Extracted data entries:
================================

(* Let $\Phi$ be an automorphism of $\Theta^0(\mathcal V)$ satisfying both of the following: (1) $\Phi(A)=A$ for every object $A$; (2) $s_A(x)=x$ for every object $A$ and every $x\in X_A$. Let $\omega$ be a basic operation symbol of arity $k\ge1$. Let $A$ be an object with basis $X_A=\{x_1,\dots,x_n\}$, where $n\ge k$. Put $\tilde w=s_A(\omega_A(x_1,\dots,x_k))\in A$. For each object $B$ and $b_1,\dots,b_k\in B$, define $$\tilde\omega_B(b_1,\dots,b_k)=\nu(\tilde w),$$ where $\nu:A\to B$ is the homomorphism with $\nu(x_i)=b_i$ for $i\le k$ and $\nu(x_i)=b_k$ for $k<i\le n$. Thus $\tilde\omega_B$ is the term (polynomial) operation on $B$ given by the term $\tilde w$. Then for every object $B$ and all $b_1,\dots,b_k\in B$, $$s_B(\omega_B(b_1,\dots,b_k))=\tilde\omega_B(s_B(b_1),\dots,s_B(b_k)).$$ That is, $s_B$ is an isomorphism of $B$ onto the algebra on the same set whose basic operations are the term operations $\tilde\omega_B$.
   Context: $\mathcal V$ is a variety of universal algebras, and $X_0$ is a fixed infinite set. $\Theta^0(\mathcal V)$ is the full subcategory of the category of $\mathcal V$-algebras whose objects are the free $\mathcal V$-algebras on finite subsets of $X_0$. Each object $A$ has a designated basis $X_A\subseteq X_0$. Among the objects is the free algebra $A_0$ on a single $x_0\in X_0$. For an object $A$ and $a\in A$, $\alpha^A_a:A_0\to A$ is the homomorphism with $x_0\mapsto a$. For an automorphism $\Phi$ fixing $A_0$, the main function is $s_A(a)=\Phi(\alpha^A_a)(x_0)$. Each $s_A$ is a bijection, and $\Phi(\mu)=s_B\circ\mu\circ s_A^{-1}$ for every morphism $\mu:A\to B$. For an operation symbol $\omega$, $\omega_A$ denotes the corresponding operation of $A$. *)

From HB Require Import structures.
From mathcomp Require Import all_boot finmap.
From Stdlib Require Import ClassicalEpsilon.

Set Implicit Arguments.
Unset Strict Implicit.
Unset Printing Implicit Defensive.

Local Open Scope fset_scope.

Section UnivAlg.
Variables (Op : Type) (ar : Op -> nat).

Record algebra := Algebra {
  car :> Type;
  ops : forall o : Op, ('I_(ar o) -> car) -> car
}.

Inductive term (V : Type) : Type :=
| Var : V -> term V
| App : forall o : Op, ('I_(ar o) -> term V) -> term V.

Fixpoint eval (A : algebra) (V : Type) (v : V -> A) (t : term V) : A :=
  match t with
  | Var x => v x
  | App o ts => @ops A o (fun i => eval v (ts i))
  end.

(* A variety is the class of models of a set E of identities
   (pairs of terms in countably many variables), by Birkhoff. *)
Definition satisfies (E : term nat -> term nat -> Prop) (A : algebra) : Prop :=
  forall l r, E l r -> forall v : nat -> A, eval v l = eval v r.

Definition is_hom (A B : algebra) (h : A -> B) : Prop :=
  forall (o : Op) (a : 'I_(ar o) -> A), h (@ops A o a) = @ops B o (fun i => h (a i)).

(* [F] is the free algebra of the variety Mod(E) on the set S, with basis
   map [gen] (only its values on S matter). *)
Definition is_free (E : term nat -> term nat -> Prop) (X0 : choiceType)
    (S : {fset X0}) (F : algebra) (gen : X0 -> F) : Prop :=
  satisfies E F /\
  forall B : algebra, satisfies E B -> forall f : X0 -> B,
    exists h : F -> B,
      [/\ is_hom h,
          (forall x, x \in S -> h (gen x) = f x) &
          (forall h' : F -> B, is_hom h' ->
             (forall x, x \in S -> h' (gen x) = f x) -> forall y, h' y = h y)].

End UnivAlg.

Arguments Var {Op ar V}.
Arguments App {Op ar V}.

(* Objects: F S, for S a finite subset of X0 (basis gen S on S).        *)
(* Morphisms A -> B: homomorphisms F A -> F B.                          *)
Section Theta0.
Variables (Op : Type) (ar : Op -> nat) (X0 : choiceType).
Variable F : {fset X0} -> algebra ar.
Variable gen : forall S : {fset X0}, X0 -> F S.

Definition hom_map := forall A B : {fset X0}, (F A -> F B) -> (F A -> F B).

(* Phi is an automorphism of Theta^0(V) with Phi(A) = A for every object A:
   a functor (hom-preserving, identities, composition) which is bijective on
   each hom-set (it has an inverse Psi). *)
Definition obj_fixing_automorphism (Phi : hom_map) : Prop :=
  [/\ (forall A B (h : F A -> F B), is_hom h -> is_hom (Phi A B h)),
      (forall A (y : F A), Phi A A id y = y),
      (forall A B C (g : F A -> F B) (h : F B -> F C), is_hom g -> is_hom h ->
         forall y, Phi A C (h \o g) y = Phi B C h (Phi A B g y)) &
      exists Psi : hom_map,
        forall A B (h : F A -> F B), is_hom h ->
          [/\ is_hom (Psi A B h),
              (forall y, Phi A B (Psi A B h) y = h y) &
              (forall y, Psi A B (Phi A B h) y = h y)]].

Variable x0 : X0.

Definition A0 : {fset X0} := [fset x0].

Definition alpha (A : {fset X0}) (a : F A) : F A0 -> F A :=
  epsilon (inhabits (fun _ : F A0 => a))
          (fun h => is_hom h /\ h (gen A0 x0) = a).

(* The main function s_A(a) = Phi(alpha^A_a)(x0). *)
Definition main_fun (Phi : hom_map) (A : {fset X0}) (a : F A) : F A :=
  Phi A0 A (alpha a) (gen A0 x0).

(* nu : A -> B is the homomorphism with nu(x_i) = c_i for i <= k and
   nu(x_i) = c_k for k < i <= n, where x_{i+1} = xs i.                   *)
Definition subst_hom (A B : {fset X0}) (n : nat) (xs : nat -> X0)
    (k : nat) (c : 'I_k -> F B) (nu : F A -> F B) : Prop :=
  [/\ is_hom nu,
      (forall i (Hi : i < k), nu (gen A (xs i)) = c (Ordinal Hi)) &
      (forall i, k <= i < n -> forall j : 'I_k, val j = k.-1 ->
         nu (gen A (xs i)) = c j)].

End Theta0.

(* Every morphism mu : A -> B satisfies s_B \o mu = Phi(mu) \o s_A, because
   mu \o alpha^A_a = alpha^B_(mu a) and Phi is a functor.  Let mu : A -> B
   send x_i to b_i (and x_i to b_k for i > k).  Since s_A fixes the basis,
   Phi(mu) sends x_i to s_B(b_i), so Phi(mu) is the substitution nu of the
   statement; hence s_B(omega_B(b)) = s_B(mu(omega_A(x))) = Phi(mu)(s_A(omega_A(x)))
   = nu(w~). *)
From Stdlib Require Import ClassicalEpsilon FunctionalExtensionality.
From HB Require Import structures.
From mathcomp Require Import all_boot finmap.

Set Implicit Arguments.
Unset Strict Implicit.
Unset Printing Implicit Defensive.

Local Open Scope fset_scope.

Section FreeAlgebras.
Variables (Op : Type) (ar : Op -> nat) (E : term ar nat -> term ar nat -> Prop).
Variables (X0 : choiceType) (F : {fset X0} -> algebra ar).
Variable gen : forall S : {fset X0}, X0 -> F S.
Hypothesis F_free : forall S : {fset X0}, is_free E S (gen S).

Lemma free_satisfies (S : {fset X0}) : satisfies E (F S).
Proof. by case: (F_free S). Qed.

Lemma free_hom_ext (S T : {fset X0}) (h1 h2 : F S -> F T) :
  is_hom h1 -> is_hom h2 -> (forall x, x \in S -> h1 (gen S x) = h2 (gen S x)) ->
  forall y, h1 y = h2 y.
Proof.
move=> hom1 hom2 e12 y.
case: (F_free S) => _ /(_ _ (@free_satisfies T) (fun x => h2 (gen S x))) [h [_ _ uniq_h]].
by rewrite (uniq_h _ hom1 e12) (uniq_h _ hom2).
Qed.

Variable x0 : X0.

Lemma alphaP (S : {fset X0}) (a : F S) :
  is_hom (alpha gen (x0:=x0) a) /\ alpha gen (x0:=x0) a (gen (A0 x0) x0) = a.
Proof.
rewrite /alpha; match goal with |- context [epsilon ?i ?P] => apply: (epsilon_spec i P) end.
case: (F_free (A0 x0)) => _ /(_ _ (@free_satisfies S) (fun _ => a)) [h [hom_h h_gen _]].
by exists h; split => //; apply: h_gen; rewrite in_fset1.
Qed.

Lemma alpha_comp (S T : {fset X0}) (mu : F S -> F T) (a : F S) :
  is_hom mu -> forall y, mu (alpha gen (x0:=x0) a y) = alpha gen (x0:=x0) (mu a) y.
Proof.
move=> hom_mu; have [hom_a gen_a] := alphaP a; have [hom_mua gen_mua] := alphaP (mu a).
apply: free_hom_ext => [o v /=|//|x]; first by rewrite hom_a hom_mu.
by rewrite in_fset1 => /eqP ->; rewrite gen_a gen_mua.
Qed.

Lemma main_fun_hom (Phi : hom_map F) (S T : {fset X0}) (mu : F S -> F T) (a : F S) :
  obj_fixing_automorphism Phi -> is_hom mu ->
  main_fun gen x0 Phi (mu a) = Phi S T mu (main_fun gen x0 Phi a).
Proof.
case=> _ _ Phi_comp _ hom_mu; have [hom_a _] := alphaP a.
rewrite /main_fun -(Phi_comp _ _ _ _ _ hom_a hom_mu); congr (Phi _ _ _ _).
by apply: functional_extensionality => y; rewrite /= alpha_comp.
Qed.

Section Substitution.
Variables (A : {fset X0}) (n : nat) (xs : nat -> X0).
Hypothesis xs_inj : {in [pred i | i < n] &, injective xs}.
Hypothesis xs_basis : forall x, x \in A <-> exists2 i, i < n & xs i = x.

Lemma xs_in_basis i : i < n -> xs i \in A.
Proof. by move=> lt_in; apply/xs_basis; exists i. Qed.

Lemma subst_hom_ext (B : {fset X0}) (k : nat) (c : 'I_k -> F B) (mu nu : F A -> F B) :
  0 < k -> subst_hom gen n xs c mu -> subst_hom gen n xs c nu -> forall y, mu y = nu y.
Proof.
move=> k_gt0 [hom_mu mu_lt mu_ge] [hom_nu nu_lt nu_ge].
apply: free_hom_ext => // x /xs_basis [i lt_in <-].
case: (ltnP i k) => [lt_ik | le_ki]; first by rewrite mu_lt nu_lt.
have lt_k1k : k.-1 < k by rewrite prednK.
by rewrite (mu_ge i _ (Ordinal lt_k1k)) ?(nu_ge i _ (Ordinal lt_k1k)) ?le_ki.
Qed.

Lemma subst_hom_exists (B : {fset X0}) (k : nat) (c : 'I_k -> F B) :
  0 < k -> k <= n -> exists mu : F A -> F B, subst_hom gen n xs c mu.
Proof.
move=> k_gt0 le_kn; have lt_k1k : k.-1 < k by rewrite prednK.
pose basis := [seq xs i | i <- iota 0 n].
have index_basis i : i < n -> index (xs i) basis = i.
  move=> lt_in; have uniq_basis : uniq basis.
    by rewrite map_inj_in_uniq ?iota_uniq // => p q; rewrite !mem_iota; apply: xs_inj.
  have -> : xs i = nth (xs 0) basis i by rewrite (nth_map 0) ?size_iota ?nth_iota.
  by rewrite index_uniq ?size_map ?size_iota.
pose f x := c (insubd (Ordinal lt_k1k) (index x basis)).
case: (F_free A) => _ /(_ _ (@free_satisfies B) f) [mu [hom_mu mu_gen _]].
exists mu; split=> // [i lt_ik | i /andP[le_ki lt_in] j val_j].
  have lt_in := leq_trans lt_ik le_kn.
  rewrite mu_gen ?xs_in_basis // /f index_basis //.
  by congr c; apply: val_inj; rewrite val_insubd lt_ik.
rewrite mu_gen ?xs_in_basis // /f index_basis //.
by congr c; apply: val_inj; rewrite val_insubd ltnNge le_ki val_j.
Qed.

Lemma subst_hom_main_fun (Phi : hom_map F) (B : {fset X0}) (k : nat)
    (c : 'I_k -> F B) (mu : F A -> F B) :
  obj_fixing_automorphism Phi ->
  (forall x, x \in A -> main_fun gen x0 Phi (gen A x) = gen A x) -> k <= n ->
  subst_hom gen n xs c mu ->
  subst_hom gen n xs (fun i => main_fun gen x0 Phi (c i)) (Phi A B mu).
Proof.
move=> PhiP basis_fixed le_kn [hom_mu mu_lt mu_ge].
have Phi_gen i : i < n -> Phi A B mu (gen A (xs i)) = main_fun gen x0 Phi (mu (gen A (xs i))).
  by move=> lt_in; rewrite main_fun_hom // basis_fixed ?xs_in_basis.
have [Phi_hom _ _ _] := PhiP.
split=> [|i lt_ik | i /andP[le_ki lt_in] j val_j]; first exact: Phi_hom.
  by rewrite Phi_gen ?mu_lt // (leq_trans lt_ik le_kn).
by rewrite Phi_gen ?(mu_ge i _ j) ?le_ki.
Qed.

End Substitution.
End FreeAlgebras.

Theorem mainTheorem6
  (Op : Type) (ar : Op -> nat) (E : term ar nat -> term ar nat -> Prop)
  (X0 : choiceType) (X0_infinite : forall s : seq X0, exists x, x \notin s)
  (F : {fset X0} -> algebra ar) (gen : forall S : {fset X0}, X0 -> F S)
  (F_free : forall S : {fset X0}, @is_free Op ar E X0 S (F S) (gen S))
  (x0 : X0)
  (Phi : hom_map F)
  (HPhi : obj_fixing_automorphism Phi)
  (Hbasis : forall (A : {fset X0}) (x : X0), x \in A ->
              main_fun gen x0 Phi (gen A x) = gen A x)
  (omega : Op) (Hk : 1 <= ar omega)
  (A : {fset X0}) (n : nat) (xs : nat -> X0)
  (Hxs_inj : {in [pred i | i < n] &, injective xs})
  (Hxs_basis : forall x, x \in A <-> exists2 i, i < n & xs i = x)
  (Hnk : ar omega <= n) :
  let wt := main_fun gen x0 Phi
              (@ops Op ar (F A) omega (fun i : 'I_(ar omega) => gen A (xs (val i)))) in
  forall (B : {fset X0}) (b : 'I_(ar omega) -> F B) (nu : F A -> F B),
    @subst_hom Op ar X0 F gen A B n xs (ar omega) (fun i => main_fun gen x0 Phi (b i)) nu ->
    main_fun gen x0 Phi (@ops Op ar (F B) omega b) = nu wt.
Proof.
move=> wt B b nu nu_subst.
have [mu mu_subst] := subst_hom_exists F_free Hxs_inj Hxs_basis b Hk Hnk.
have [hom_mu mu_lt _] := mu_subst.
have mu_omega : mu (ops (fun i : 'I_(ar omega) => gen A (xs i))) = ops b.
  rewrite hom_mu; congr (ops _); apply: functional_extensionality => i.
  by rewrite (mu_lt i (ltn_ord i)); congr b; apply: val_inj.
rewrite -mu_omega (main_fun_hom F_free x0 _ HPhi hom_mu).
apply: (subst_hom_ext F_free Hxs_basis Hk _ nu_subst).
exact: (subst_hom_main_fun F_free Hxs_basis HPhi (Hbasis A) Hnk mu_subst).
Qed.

================================

> **DIRECTIONS**
Whenever the string "HPhi" turns up in a line of the data, copy that line.

> **ANSWER TO THIS EXERCISE**
  (HPhi : obj_fixing_automorphism Phi)
rewrite -mu_omega (main_fun_hom F_free x0 _ HPhi hom_mu).
exact: (subst_hom_main_fun F_free Hxs_basis HPhi (Hbasis A) Hnk mu_subst).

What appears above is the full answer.